Practically, most right-thinking spouses work this out for themselves. As you've already found, there don't seem to be as many females who will "submit" themselves, in every single decision to a spouse.
If you find one, and this is your primary criterion, perhaps you should grab her, so long as she doesn't have her fingers crossed behind her back.
However, whereas in the relationship between Christ and the Church the subjection is only on the part of the Church, in the relationship between husband and wife the "subjection" is not one-sided but mutual ... All the reasons in favour of the "subjection" of woman to man in marriage must be understood in the sense of a "mutual subjection" of both "out of reverence for Christ." (John Paul II, Mulieris Dignitatem §24)

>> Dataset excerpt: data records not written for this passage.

(* Ground the network at i.  The potentials u_j with L u_j = e_j - e_i and
   u_j(i) = 0 are the columns of L(i)^-1 (extended by 0 at i), and
   r_jk = u_jj + u_kk - 2 u_jk.  Hence n Kf_i - Kf = sum_(j,k) u_jk = sum_m w_m
   for w = sum_j u_j, which solves L w = 1 off i and vanishes at i.  By the
   minimum principle w >= 0, so w / |w| is admissible for alpha_i and
   alpha_i |w|^2 <= w^T L w = sum_m w_m, while Cauchy-Schwarz over the n - 1
   vertices other than i gives (sum_m w_m)^2 <= (n - 1) |w|^2.  Together they
   give alpha_i * sum_m w_m <= n - 1. *)

Lemma sumr_delta (R : pzSemiRingType) (I : finType) (a : I -> R) (k : I) :
  \sum_m a m * (m == k)%:R = a k.
Proof. by rewrite (bigD1 k) //= eqxx mulr1 big1 ?addr0 // => m /negbTE ->; rewrite mulr0. Qed.

Lemma sumr_delta1 (R : pzSemiRingType) (I : finType) (k : I) :
  \sum_m (m == k)%:R = 1 :> R.
Proof. by rewrite (eq_bigr (fun m => 1 * (m == k)%:R)) ?sumr_delta // => m _; rewrite mul1r. Qed.

Lemma cauchy_schwarz_sum (R : realDomainType) (I : finType) (a b : I -> R) :
  (\sum_k a k * b k) ^+ 2 <= (\sum_k a k ^+ 2) * (\sum_k b k ^+ 2).
Proof.
have lagrange : \sum_k \sum_l (a k * b l - a l * b k) ^+ 2 =
    2 * ((\sum_k a k ^+ 2) * (\sum_k b k ^+ 2) - (\sum_k a k * b k) ^+ 2).
  rewrite mulrBr mulr2n !mulrDl !mul1r {1}mulrC !mulr_suml expr2 mulr_suml.
  rewrite -!big_split -sumrB /=; apply: eq_bigr => k _.
  rewrite !mulr_sumr -!big_split -sumrB /=; apply: eq_bigr => l _; ring.
have : 0 <= 2 * ((\sum_k a k ^+ 2) * (\sum_k b k ^+ 2) - (\sum_k a k * b k) ^+ 2).
  by rewrite -lagrange; do 2!apply: sumr_ge0 => ? _; apply: sqr_ge0.
by rewrite pmulr_rge0 // subr_ge0.
Qed.

Lemma double_sum_sym (R : nmodType) (n : nat) (f : 'I_n -> 'I_n -> R) :
  (forall j k, f j k = f k j) -> (forall j, f j j = 0) ->
  \sum_j \sum_k f j k = (\sum_(j < n) \sum_(k < n | (j < k)%N) f j k) *+ 2.
Proof.
move=> fC f0.
have split_row j : \sum_k f j k =
    \sum_(k < n | (j < k)%N) f j k + \sum_(k < n | (k < j)%N) f j k.
  rewrite (bigID (fun k : 'I_n => (j < k)%N)) /=; congr (_ + _).
  rewrite (bigD1 j) /=; last by rewrite ltnn.
  rewrite f0 add0r; apply: eq_bigl => k.
  by rewrite -leqNgt ltn_neqAle andbC.
have lower : \sum_(j < n) \sum_(k < n | (k < j)%N) f j k =
    \sum_(j < n) \sum_(k < n | (j < k)%N) f j k.
  under eq_bigr do rewrite big_mkcond.
  rewrite exchange_big; apply: eq_bigr => j _; rewrite [RHS]big_mkcond.
  by apply: eq_bigr => k _; rewrite fC.
by rewrite (eq_bigr _ (fun j _ => split_row j)) big_split /= lower.
Qed.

Domestic society being confirmed, therefore, by this bond of love, there should flourish in it that "order of love," as St. Augustine calls it. This order includes both the primacy of the husband with regard to the wife and children, the ready subjection of the wife and her willing obedience, which the Apostle commends in these words: "Let women be subject to their husbands as to the Lord, because the husband is the head of the wife, and Christ is the head of the Church." ... But the structure of the family and its fundamental law, established and confirmed by God, must always and everywhere be maintained intact. (Pius XI, Casti Connubii §26, 28)
How exactly is a "mutual subjection" compatible with the "primacy of the husband"? It can't be that the husband's love for his wife "as Christ also loved the church and delivered himself up for it" is the subjection on his part or even part of this subjection, since the Pope says that "between Christ and the Church the subjection is only on the part of the Church".